* [Dataset entries]

+ + + + +

(* Let $U\subseteq\mathbb{R}^d$ be open and convex, let $h:U\to\mathbb{R}$ be convex and twice continuously differentiable, let $f:U\to\mathbb{R}$ be continuously differentiable, let $\mu>0$, and let $\alpha,\beta,\gamma:\mathbb{R}\to\mathbb{R}$ be smooth functions. Define the (second Bregman) Lagrangian $$\mathcal{L}(x,v,t)=e^{\alpha_t+\gamma_t+\beta_t}\Big(\mu\, D_h\big(x+e^{-\alpha_t}v,\;x\big)-f(x)\Big),$$ for $(x,v,t)$ with $x,\,x+e^{-\alpha_t}v\in U$. Assume $\dot\gamma_t=e^{\alpha_t}$ for all $t$. Then a twice differentiable curve $t\mapsto X_t$ satisfies the Euler–Lagrange equation $$\frac{\partial\mathcal{L}}{\partial x}(X_t,\dot X_t,t)=\frac{d}{dt}\frac{\partial\mathcal{L}}{\partial v}(X_t,\dot X_t,t)$$ if and only if $$\frac{d}{dt}\nabla h\big(X_t+e^{-\alpha_t}\dot X_t\big)=\dot\beta_t\,\nabla h(X_t)-\dot\beta_t\,\nabla h\big(X_t+e^{-\alpha_t}\dot X_t\big)-\frac{e^{\alpha_t}}{\mu}\nabla f(X_t).$$
   Context: The Bregman divergence of $h$ is $D_h(y,x)=h(y)-h(x)-\langle\nabla h(x),y-x\rangle$. Dots denote time derivatives. *)

From HB Require Import structures.
From mathcomp Require Import all_boot all_order all_algebra.
From mathcomp Require Import all_classical all_reals all_analysis.
Set Implicit Arguments. Unset Strict Implicit. Unset Printing Implicit Defensive.
Import Order.TTheory GRing.Theory Num.Theory.
Import numFieldNormedType.Exports.
Local Open Scope classical_set_scope.
Local Open Scope ring_scope.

+ + + + +

* [EXERCISE DETAILS] All of the records above should be given again exactly as written.

* [SOLUTION TO THIS PROBLEM]
(* Let $U\subseteq\mathbb{R}^d$ be open and convex, let $h:U\to\mathbb{R}$ be convex and twice continuously differentiable, let $f:U\to\mathbb{R}$ be continuously differentiable, let $\mu>0$, and let $\alpha,\beta,\gamma:\mathbb{R}\to\mathbb{R}$ be smooth functions. Define the (second Bregman) Lagrangian $$\mathcal{L}(x,v,t)=e^{\alpha_t+\gamma_t+\beta_t}\Big(\mu\, D_h\big(x+e^{-\alpha_t}v,\;x\big)-f(x)\Big),$$ for $(x,v,t)$ with $x,\,x+e^{-\alpha_t}v\in U$. Assume $\dot\gamma_t=e^{\alpha_t}$ for all $t$. Then a twice differentiable curve $t\mapsto X_t$ satisfies the Euler–Lagrange equation $$\frac{\partial\mathcal{L}}{\partial x}(X_t,\dot X_t,t)=\frac{d}{dt}\frac{\partial\mathcal{L}}{\partial v}(X_t,\dot X_t,t)$$ if and only if $$\frac{d}{dt}\nabla h\big(X_t+e^{-\alpha_t}\dot X_t\big)=\dot\beta_t\,\nabla h(X_t)-\dot\beta_t\,\nabla h\big(X_t+e^{-\alpha_t}\dot X_t\big)-\frac{e^{\alpha_t}}{\mu}\nabla f(X_t).$$
   Context: The Bregman divergence of $h$ is $D_h(y,x)=h(y)-h(x)-\langle\nabla h(x),y-x\rangle$. Dots denote time derivatives. *)

From HB Require Import structures.
From mathcomp Require Import all_boot all_order all_algebra.
From mathcomp Require Import all_classical all_reals all_analysis.
Set Implicit Arguments. Unset Strict Implicit. Unset Printing Implicit Defensive.
Import Order.TTheory GRing.Theory Num.Theory.
Import numFieldNormedType.Exports.
Local Open Scope classical_set_scope.
Local Open Scope ring_scope.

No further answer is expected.